Let your ear drain for a few minutes and you are fixed right up. Yes, you did just pour pee in your ear, but be happy- you will soon be the talk of camp because of all the butterflies attached to your face.
The final calamity we'll discuss today is not limited to outdoorsmen. In fact, everyone has at one time or another experienced this malady, even if their daily excursions are limited to the supermarket parking lot, the shopping mall, and the Ancient Korean Massage Parlor, Sushi Bar, and 10 Minute Oil Change Palace. We're talking here about Toejam.
Now this isn't the odoriferous material which frequently builds colonies in the spaces between your toes. That would actually be preferable. At least you could use it to spice up your Ramen. No, this is the unfortunate condition which occurs on downhill slopes, whether gradient or steep, when the toes are jammed into the toe box of your boots with an unequivocal violent force, resulting in excruciating pain and the instantaneous development of an entirely new language comprised of nothing but colorful curse words. Unless you have only walked on a completely flat surface, such as Paris Hilton's chest, you most likely have experienced ToeJam. How do you know you have ToeJam, besides your own screaming? Well, all your toenails will be bruised completely black.
But what causes this terrible predicament? What scientific forces are at work here? It's a very complicated array of conditions, suitable for any research study funded by the government, but I'll try to put the situation into layman's terms.
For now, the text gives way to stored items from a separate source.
(* Let $\mathcal{M}=(\Sigma,\Gamma,\mathcal{H},U,M)$ be a QMM, let $n=\dim\mathcal{H}$, and let $\rho_s,\rho_t$ be density operators on $\mathcal{H}$. Then: (1) $\rho_s\sim\rho_t \iff \rho_s\sim^{n^2-1}\rho_t \iff \rho_s\sim_{n^2-1}\rho_t$; (2) for every $k\in\mathbb{N}$, $\rho_s\sim_k\rho_t \iff \rho_s\sim_k^{n^2-1}\rho_t$.
   Context: A quantum Mealy machine (QMM) is a tuple $\mathcal{M}=(\Sigma,\Gamma,\mathcal{H},U,M)$ where $\Sigma$ (inputs) and $\Gamma$ (outputs) are finite alphabets, $\mathcal{H}$ is a finite-dimensional complex Hilbert space, $U=\{U_\sigma:\sigma\in\Sigma\}$ is a family of unitary operators on $\mathcal{H}$, and $M=\{M_\gamma:\gamma\in\Gamma\}$ is a family of linear operators on $\mathcal{H}$ with $\sum_{\gamma}M_\gamma^\dagger M_\gamma=I$. For a word $a$, $|a|$ is its length, $a[i]$ its $i$-th letter (1-indexed), $a[l:r]=a[l]\cdots a[r]$ (empty word $\epsilon$ if $l>r$), and $U_a=U_{a[|a|]}\cdots U_{a[1]}$, $U_\epsilon=I$. A scheduler for $a\in\Sigma^*$ is a finite non-decreasing sequence $\mathcal{S}=(s_1\le\dots\le s_{|\mathcal{S}|})$ of integers with $0\le s_1$ and $s_{|\mathcal{S}|}\le|a|$ (possibly empty). With $s_0=0$, $s_{|\mathcal{S}|+1}=|a|$, set $a_i=a[s_{i-1}+1:s_i]$ for $1\le i\le|\mathcal{S}|+1$. For $b=b_1\cdots b_{|\mathcal{S}|}\in\Gamma^{|\mathcal{S}|}$ let $V_{b|a,\mathcal{S}}=U_{a_{|\mathcal{S}|+1}}M_{b_{|\mathcal{S}|}}U_{a_{|\mathcal{S}|}}\cdots M_{b_1}U_{a_1}$, and for an operator $\rho$ let $\rho^{\mathcal{M}}_{b|a,\mathcal{S}}=V_{b|a,\mathcal{S}}\rho V_{b|a,\mathcal{S}}^\dagger$. For a density operator $\rho$, $\Pr^{\mathcal{M}}_\rho(b|a,\mathcal{S})=\operatorname{tr}(\rho^{\mathcal{M}}_{b|a,\mathcal{S}})$. Two density operators $\rho_s,\rho_t$ are: equivalent ($\rho_s\sim\rho_t$) if $\Pr^{\mathcal{M}}_{\rho_s}(b|a,\mathcal{S})=\Pr^{\mathcal{M}}_{\rho_t}(b|a,\mathcal{S})$ for all $a\in\Sigma^*$, schedulers $\mathcal{S}$ for $a$ and $b\in\Gamma^{|\mathcal{S}|}$; equivalent up to $k$ measurements ($\rho_s\sim_k\rho_t$) if this holds for all such triples with $|\mathcal{S}|\le k$; $m$-equivalent ($\rho_s\sim^m\rho_t$) if it holds for all triples with $|a|+|\mathcal{S}|\le m$; and $m$-equivalent up to $k$ measurements ($\rho_s\sim^m_k\rho_t$) if it holds for all triples with $|\mathcal{S}|\le k$ and $|a|+|\mathcal{S}|\le m$. *)

From HB Require Import structures.
From mathcomp Require Import all_boot all_order all_algebra.
Set Implicit Arguments. Unset Strict Implicit. Unset Printing Implicit Defensive.
Import Order.TTheory GRing.Theory Num.Theory.
Local Open Scope ring_scope.
Local Open Scope sesquilinear_scope.

(* The Hilbert space H of dimension n is modelled as column vectors 'cV[C]_n,
   C an arbitrary numClosedFieldType (a model of the complex numbers);
   operators are n x n matrices, and A ^t* is the conjugate transpose. *)

Section QMM.
Variables (C : numClosedFieldType) (n : nat) (Sigma Gamma : finType).

Definition is_QMM (U : Sigma -> 'M[C]_n) (M : Gamma -> 'M[C]_n) : Prop :=
  (forall s, U s \is unitarymx) /\
  \sum_(g : Gamma) (M g)^t* *m M g = 1%:M.

Definition psd (rho : 'M[C]_n) : Prop :=
  forall v : 'cV[C]_n, 0 <= (v^t* *m rho *m v) 0 0.

Definition density (rho : 'M[C]_n) : Prop := psd rho /\ \tr rho = 1.

Variables (U : Sigma -> 'M[C]_n) (M : Gamma -> 'M[C]_n).

(* U_w = U_{w[|w|]} ... U_{w[1]}, U_eps = I *)
Definition Uword (w : seq Sigma) : 'M[C]_n :=
  foldl (fun A x => U x *m A) 1%:M w.

(* a[l+1 : r] (1-indexed letters l+1..r), empty if l >= r *)
Definition subword (a : seq Sigma) (l r : nat) : seq Sigma := drop l (take r a).

Definition scheduler (a : seq Sigma) (S : seq nat) : Prop :=
  sorted leq S /\ all (fun s => s <= size a)%N S.

(* Vaux a prev S b: U_{a_{k+1}} M_{b_k} U_{a_k} ... M_{b_1} U_{a_1}, where
   the first segment starts right after position prev. *)
Fixpoint Vaux (a : seq Sigma) (prev : nat) (S : seq nat) (b : seq Gamma)
  : 'M[C]_n :=
  match S, b with
  | s :: S', g :: b' => Vaux a s S' b' *m M g *m Uword (subword a prev s)
  | _, _ => Uword (subword a prev (size a))
  end.

Definition Vop (a : seq Sigma) (S : seq nat) (b : seq Gamma) : 'M[C]_n :=
  Vaux a 0 S b.

Definition Pr (rho : 'M[C]_n) (a : seq Sigma) (S : seq nat) (b : seq Gamma) : C :=
  \tr (Vop a S b *m rho *m (Vop a S b)^t*).

Definition equiv_on (P : seq Sigma -> seq nat -> Prop) (rs rt : 'M[C]_n) : Prop :=
  forall (a : seq Sigma) (S : seq nat) (b : seq Gamma),
    scheduler a S -> size b = size S -> P a S -> Pr rs a S b = Pr rt a S b.

Definition qequiv := equiv_on (fun _ _ => True).
Definition qequiv_k (k : nat) := equiv_on (fun _ S => (size S <= k)%N).
Definition qequiv_m (m : nat) := equiv_on (fun a S => (size a + size S <= m)%N).
Definition qequiv_mk (m k : nat) :=
  equiv_on (fun a S => (size S <= k)%N /\ (size a + size S <= m)%N).

End QMM.
(* Let $D_6=\langle r,s\mid r^6=s^2=1,\ srs=r^{-1}\rangle$ be the dihedral group of order $12$. Its subgroups up to conjugacy are $\{1\}$, three classes of subgroups of order 2, $C_2^{(1)},C_2^{(2)},C_2^{(3)}$ (represented by $\langle r^3\rangle,\langle s\rangle,\langle rs\rangle$), $C_3=\langle r^2\rangle$, $C_2^2=\langle r^3,s\rangle$, $C_6=\langle r\rangle$, two classes of subgroups isomorphic to $S_3$, $S_3^{(1)}=\langle r^2,s\rangle$ and $S_3^{(2)}=\langle r^2,rs\rangle$, and $D_6$. Then there is an isomorphism of $D_6$-lattices $$\mathbb{Z}[D_6]\oplus\mathbb{Z}[D_6/C_2^2]^{\oplus2}\oplus\mathbb{Z}[D_6/C_6]\oplus\mathbb{Z}[D_6/S_3^{(1)}]\oplus\mathbb{Z}[D_6/S_3^{(2)}]\simeq\mathbb{Z}[D_6/C_2^{(1)}]\oplus\mathbb{Z}[D_6/C_2^{(2)}]\oplus\mathbb{Z}[D_6/C_2^{(3)}]\oplus\mathbb{Z}[D_6/C_3]\oplus\mathbb{Z}^{\oplus2}.$$ In particular the Krull–Schmidt theorem fails for permutation $D_6$-lattices. *)

From HB Require Import structures.
From mathcomp Require Import all_boot all_order all_algebra all_fingroup.
Set Implicit Arguments. Unset Strict Implicit. Unset Printing Implicit Defensive.
Import GRing.Theory.

(* Permutation lattices  Z[G/H_0] (+) ... (+) Z[G/H_{k-1}].            *)
(* The underlying G-set is the disjoint union of the left coset spaces *)
(* G/H_i, i.e. pairs (i, xH_i) with x in G; G acts by g.(i,A) = (i,gA).*)

Definition pl_pt (gT : finGroupType) (G : {set gT}) (Hs : seq {set gT}) :=
  {p : 'I_(size Hs) * {set gT} | p.2 \in lcosets (nth set0 Hs p.1) G}.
Toejam is the direct result of one or more of the following problems:
1. Your boots are too small.
2. Your boots are too big.
3. Your boots are laced too tightly.
4. Your boots are not laced tightly enough.
If one or more of these presented conditions are applicable in your current footwear situation, then you are a likely candidate for Toe Jam. Best to quit buying your boots at K-Mart and fork over a little more cash for a good pair that actually fit. Big Lots has a sale right now. Oh, and if that big toe nail falls off, for the love of god, don't throw it away! You can use that to spice up your Ramen. As for the "black toe"- wear it proudly! And enjoy all those compliments from the Goth chicks.
Hopefully, these solutions to common hiking maladies will be helpful. And, if not, there is always Wii Hiking. Isn't there? If not, Joe! Hey..get on that!!